About this task ::
Your answer should be one number: how many lines of the records hold the string "intros".

Data for processing ::
━━━━━━━━
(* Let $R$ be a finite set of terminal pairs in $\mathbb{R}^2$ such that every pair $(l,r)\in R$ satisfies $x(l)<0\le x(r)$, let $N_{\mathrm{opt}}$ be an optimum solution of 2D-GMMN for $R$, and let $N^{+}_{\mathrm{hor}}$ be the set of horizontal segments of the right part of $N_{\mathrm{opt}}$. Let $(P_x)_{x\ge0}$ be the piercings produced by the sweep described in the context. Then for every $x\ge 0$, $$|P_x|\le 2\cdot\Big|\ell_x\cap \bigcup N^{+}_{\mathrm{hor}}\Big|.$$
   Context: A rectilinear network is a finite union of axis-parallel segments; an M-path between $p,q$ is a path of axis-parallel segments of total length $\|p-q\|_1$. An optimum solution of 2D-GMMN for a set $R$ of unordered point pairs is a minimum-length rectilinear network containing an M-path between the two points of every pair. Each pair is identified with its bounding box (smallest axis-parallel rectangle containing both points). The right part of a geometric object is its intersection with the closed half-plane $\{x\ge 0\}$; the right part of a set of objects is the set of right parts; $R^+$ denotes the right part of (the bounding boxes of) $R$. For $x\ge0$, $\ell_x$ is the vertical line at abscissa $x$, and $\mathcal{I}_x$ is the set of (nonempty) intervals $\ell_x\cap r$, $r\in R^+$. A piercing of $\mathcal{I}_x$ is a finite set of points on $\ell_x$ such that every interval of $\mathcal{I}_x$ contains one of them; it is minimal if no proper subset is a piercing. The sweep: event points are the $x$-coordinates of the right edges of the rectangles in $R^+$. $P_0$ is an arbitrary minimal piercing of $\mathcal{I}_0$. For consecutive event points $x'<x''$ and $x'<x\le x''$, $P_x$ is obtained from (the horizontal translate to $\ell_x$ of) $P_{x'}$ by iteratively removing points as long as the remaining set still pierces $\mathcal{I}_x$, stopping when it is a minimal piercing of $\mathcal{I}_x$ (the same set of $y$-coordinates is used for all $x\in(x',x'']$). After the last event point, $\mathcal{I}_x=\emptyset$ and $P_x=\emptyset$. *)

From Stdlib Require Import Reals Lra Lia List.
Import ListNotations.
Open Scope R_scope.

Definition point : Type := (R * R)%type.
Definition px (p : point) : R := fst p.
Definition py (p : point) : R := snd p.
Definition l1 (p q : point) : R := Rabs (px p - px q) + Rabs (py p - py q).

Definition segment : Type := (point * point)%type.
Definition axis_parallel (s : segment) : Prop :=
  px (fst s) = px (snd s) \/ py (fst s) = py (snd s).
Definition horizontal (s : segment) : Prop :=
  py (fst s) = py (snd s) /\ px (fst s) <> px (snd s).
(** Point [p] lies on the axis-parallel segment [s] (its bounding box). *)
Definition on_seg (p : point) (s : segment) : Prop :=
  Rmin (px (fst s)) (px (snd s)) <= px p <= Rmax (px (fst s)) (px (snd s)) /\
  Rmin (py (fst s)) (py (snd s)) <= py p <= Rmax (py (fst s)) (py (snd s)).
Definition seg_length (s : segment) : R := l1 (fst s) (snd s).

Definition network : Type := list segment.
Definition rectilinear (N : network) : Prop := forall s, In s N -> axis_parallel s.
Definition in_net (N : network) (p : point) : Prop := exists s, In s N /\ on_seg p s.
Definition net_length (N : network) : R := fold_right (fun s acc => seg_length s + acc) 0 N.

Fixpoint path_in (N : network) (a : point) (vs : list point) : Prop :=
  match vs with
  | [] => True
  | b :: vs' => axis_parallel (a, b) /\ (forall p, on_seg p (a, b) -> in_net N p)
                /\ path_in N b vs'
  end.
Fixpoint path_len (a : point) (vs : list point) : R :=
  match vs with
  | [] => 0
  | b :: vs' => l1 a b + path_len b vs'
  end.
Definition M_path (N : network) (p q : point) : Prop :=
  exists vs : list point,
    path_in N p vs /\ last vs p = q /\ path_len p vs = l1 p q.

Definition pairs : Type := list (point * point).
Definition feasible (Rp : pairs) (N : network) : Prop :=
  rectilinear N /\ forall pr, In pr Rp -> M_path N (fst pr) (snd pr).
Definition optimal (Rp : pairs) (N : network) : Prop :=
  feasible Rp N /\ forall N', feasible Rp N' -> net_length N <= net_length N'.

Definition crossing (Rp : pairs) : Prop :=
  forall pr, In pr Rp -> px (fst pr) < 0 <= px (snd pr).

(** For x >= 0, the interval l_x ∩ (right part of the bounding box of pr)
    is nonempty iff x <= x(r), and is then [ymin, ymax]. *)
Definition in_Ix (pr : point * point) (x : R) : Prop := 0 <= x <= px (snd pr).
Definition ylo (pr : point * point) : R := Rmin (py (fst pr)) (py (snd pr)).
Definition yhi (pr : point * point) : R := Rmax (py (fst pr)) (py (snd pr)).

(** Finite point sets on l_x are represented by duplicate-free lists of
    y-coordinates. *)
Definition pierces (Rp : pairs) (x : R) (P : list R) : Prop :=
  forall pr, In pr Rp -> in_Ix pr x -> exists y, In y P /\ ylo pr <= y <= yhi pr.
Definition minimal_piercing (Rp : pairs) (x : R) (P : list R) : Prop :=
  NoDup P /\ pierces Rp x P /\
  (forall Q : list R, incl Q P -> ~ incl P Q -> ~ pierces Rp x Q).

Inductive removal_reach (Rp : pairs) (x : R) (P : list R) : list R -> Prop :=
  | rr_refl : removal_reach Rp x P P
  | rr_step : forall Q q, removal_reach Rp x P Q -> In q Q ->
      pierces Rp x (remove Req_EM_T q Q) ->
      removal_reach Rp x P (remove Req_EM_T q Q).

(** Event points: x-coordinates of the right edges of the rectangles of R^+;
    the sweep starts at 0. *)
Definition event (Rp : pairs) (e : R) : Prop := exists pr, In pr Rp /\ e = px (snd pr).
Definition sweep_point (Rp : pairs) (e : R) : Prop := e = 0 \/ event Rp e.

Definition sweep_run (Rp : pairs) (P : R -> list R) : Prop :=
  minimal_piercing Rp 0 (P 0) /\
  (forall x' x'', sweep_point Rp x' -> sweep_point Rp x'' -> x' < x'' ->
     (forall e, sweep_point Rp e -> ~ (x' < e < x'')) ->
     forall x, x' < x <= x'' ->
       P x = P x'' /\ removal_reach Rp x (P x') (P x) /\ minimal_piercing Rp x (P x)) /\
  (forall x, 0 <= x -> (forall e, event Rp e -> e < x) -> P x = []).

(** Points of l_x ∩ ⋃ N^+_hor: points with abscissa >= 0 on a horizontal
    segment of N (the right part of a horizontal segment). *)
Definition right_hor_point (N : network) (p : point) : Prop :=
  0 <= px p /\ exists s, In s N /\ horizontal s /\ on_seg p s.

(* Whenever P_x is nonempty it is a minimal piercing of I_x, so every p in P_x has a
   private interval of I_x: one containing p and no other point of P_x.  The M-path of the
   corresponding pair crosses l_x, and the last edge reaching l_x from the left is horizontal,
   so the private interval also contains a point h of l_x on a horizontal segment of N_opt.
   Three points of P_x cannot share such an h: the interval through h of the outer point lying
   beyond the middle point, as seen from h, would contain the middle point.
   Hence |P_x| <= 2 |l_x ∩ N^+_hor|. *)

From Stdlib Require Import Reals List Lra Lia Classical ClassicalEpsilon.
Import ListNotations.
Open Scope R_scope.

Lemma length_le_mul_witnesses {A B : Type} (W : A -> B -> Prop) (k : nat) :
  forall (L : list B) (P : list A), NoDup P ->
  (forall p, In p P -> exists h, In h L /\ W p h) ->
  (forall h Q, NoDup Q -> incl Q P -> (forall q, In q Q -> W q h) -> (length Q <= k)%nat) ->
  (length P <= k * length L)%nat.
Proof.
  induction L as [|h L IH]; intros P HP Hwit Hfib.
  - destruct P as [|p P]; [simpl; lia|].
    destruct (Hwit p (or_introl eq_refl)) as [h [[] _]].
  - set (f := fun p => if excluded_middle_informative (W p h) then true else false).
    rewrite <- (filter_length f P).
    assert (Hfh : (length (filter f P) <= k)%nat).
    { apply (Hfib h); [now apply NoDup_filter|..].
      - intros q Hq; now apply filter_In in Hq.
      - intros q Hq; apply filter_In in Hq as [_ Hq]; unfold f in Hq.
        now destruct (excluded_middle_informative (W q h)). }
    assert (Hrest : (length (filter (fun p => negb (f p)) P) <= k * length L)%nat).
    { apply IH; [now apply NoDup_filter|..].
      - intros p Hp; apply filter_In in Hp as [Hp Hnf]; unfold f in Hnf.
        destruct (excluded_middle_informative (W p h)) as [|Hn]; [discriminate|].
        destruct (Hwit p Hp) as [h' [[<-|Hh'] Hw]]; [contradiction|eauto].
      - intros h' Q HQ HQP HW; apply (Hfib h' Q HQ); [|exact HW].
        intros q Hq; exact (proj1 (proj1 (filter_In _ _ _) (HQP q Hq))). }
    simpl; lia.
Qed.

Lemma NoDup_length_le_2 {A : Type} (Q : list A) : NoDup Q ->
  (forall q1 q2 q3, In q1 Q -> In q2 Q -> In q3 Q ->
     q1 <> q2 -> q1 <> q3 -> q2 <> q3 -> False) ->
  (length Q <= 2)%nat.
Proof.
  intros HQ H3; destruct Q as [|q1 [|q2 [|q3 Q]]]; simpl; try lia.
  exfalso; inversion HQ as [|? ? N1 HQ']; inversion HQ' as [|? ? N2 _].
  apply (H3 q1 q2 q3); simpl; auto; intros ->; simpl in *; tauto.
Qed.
━━━━━━━━
Exercise result ::
8